In the data below, find every line that has the string "Import", and copy it.

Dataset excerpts

==============================

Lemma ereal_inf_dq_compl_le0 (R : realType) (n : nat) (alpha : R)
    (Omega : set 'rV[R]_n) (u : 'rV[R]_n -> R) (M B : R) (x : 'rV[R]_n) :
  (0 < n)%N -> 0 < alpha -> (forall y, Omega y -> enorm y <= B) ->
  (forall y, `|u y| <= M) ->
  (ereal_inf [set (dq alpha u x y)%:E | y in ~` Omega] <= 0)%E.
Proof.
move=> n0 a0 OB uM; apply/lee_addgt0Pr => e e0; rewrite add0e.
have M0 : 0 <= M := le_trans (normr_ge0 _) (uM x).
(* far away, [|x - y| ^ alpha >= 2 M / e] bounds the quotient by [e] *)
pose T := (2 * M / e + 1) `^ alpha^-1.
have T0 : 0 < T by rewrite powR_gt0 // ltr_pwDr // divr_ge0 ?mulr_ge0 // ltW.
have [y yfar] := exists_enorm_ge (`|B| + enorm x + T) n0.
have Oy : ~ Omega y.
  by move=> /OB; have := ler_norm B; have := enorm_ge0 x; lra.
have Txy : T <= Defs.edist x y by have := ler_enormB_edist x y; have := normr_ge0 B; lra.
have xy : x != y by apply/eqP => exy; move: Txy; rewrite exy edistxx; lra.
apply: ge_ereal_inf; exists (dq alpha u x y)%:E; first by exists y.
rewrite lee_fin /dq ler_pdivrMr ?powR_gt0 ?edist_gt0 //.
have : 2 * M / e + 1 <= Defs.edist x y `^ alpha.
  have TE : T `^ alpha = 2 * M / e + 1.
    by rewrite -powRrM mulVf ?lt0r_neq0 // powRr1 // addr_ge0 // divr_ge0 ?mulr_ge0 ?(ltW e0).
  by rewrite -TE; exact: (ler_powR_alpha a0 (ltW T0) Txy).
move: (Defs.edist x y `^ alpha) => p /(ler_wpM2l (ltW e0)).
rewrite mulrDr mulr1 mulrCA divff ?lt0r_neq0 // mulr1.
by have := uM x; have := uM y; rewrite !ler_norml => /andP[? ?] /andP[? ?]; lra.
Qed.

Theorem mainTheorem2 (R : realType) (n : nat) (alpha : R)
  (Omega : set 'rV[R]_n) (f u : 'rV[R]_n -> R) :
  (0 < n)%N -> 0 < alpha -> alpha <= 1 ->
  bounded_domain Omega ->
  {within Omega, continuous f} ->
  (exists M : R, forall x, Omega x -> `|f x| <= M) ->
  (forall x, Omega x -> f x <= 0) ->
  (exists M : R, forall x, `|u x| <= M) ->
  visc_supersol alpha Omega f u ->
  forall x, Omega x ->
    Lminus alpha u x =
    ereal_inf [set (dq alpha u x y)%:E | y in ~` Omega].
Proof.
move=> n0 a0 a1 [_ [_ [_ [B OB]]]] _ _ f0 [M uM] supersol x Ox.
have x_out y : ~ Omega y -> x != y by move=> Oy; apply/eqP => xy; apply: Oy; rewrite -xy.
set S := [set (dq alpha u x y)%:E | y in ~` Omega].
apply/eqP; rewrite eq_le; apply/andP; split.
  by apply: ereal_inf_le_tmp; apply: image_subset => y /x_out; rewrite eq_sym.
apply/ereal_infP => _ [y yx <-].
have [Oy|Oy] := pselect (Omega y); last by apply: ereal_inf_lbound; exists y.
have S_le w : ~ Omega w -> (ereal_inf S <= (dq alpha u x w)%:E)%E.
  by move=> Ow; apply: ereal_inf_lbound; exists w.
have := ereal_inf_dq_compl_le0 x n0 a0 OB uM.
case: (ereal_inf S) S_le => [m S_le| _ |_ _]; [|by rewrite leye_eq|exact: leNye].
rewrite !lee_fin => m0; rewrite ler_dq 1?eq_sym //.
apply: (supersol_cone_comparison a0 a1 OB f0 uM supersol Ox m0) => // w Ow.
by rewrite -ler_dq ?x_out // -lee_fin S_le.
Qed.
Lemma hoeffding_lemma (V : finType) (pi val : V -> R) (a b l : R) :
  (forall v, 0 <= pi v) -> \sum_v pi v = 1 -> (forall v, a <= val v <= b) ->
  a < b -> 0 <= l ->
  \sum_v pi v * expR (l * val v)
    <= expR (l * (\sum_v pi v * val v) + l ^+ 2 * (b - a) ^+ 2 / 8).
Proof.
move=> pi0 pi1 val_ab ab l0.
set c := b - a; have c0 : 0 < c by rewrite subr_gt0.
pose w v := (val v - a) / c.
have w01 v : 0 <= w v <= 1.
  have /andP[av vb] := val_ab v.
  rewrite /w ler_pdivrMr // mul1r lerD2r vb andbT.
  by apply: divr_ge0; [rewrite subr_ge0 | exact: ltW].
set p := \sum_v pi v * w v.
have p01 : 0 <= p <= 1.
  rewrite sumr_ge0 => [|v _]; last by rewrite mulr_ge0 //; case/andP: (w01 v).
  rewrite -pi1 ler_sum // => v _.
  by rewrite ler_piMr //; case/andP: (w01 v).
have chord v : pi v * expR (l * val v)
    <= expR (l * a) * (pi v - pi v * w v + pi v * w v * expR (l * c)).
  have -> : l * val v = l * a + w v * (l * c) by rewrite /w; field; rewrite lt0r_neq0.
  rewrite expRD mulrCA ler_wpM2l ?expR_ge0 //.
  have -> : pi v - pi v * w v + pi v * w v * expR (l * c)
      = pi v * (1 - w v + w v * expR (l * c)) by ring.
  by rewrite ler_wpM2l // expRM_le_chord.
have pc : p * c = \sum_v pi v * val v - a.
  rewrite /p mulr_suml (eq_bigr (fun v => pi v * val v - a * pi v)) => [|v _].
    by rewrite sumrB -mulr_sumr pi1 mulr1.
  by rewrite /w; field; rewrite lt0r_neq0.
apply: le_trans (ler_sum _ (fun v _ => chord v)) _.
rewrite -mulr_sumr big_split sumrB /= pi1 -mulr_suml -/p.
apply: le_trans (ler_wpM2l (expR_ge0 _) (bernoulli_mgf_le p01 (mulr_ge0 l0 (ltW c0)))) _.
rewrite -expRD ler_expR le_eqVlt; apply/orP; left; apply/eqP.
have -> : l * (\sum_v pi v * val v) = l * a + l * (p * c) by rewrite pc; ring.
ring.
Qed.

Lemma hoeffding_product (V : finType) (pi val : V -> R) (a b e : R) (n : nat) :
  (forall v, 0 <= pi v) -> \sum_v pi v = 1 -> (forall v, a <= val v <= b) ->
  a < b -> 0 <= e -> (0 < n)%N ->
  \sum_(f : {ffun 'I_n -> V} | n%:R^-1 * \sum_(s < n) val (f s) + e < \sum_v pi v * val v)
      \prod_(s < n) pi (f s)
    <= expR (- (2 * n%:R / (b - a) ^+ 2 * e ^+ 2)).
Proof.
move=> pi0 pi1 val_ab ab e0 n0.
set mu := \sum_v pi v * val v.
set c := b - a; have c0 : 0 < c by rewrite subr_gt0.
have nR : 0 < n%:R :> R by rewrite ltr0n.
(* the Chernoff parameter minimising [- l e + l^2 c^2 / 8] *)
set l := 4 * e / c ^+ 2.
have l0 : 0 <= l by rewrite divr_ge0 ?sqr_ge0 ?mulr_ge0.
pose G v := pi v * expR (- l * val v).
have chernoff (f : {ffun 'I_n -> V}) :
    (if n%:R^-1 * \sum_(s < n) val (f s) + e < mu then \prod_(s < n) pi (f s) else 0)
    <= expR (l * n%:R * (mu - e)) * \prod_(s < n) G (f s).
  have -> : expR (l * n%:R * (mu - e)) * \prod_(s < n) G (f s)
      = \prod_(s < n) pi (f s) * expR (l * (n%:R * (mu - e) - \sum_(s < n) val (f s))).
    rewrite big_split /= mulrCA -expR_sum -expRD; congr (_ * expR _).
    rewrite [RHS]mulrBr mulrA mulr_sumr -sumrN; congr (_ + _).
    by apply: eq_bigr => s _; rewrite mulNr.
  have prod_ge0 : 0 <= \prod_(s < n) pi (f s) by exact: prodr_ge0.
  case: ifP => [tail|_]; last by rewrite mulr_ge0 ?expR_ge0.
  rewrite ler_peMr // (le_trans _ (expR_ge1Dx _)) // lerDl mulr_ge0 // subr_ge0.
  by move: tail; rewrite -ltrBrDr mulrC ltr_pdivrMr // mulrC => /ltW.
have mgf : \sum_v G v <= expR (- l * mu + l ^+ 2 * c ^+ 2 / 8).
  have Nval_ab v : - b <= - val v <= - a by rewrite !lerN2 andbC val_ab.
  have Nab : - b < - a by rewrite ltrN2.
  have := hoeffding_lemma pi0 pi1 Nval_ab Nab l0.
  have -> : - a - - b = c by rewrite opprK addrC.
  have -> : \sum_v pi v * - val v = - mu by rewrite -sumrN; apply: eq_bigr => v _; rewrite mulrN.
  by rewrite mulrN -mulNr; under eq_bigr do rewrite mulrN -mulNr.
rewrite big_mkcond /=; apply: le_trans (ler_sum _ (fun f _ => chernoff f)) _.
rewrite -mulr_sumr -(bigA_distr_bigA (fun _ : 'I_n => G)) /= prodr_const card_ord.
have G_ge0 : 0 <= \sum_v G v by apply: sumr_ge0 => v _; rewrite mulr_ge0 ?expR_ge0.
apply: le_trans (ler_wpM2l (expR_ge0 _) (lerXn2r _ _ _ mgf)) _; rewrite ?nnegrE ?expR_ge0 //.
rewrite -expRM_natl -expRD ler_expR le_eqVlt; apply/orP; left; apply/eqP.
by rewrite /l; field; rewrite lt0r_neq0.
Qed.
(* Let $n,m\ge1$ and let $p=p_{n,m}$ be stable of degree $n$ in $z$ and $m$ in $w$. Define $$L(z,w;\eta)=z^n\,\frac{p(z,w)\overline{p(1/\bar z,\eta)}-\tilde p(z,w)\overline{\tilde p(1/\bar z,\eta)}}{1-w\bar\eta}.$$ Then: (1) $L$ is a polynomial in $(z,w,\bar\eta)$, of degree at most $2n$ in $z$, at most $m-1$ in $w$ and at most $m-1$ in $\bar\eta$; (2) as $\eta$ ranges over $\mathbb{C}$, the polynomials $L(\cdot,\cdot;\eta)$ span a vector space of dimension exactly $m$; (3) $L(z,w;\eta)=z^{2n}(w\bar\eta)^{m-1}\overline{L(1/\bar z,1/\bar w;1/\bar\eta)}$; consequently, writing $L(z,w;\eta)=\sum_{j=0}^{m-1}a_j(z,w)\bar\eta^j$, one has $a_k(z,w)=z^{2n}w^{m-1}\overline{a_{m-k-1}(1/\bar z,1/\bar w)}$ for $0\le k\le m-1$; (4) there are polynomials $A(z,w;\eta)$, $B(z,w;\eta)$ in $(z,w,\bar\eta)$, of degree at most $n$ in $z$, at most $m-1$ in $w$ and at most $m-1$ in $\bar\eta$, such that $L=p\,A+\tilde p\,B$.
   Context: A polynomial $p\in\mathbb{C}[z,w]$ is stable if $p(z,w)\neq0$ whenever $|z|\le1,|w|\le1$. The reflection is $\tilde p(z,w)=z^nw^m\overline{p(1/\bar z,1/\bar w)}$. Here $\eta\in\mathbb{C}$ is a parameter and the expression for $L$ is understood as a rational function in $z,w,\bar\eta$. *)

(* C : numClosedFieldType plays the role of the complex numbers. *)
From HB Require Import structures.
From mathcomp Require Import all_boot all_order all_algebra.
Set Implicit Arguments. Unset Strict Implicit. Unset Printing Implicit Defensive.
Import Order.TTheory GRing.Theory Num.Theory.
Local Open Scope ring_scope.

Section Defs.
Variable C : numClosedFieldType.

==============================

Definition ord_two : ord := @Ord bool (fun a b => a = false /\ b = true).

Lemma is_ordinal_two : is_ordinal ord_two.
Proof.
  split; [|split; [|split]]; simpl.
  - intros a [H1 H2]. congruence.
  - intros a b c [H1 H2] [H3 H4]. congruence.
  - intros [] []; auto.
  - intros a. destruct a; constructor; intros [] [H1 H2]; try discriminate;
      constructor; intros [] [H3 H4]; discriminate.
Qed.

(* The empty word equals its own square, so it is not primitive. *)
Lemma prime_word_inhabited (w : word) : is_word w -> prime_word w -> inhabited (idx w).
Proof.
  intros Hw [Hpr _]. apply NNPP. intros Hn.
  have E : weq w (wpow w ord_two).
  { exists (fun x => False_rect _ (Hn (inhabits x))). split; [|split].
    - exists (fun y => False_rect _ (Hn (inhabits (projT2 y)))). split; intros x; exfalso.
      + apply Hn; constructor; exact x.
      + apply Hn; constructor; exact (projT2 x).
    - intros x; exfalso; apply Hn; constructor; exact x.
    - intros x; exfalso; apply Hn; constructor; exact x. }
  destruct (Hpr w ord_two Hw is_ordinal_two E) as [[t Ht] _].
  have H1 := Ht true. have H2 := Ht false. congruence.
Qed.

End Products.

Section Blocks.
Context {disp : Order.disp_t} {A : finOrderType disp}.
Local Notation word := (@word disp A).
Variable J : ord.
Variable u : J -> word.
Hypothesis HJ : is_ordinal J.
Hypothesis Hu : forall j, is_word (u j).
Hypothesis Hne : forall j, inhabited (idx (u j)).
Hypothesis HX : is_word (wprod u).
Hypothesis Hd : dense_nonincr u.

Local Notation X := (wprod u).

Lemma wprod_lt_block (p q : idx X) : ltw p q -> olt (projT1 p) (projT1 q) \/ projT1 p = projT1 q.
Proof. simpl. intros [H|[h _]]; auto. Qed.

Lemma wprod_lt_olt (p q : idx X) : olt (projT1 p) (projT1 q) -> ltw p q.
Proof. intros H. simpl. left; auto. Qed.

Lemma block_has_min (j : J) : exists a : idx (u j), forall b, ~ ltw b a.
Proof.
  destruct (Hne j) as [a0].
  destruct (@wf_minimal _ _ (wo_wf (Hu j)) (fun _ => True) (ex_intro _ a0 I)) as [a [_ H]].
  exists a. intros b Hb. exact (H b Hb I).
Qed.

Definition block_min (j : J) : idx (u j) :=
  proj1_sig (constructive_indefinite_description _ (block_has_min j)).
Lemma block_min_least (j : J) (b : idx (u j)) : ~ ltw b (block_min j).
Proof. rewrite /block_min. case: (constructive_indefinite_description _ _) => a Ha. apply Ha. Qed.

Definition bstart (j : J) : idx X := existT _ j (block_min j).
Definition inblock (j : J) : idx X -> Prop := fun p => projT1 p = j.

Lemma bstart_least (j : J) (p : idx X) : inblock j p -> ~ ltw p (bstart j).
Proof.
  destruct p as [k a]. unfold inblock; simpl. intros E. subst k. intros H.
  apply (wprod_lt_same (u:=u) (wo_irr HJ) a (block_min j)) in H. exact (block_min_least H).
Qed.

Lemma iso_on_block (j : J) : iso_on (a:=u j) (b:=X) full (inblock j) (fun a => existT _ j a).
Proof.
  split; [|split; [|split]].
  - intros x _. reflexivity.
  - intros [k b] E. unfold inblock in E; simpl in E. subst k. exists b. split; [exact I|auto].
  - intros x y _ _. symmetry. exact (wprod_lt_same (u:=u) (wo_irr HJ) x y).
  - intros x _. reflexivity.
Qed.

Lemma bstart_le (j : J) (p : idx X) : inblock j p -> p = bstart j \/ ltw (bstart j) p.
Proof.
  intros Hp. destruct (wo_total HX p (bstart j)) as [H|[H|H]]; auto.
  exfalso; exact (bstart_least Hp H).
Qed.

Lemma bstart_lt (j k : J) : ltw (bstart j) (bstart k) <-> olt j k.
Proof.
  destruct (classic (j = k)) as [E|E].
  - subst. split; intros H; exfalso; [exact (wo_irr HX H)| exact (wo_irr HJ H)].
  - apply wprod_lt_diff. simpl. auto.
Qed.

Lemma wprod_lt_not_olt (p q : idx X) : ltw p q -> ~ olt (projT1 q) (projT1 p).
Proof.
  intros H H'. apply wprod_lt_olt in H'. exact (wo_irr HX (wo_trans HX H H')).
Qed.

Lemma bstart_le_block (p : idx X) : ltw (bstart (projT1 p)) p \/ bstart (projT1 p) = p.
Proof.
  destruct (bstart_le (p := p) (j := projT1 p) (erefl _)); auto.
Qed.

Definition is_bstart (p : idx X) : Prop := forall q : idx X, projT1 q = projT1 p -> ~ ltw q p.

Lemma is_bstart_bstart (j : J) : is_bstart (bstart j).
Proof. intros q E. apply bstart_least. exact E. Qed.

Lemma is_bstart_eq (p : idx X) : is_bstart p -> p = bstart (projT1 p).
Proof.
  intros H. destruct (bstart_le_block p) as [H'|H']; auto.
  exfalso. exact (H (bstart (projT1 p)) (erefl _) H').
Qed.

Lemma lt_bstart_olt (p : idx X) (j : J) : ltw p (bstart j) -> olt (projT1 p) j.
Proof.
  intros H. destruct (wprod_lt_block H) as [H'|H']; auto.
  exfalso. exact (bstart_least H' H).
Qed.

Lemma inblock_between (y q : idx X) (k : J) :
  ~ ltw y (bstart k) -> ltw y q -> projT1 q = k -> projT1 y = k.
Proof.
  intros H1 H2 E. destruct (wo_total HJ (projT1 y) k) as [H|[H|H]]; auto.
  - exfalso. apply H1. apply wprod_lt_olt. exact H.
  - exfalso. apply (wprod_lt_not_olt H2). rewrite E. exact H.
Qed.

==============================

# Output for this task:
From HB Require Import structures.
From mathcomp Require Import all_boot all_order all_algebra.
Import Order.TTheory GRing.Theory Num.Theory.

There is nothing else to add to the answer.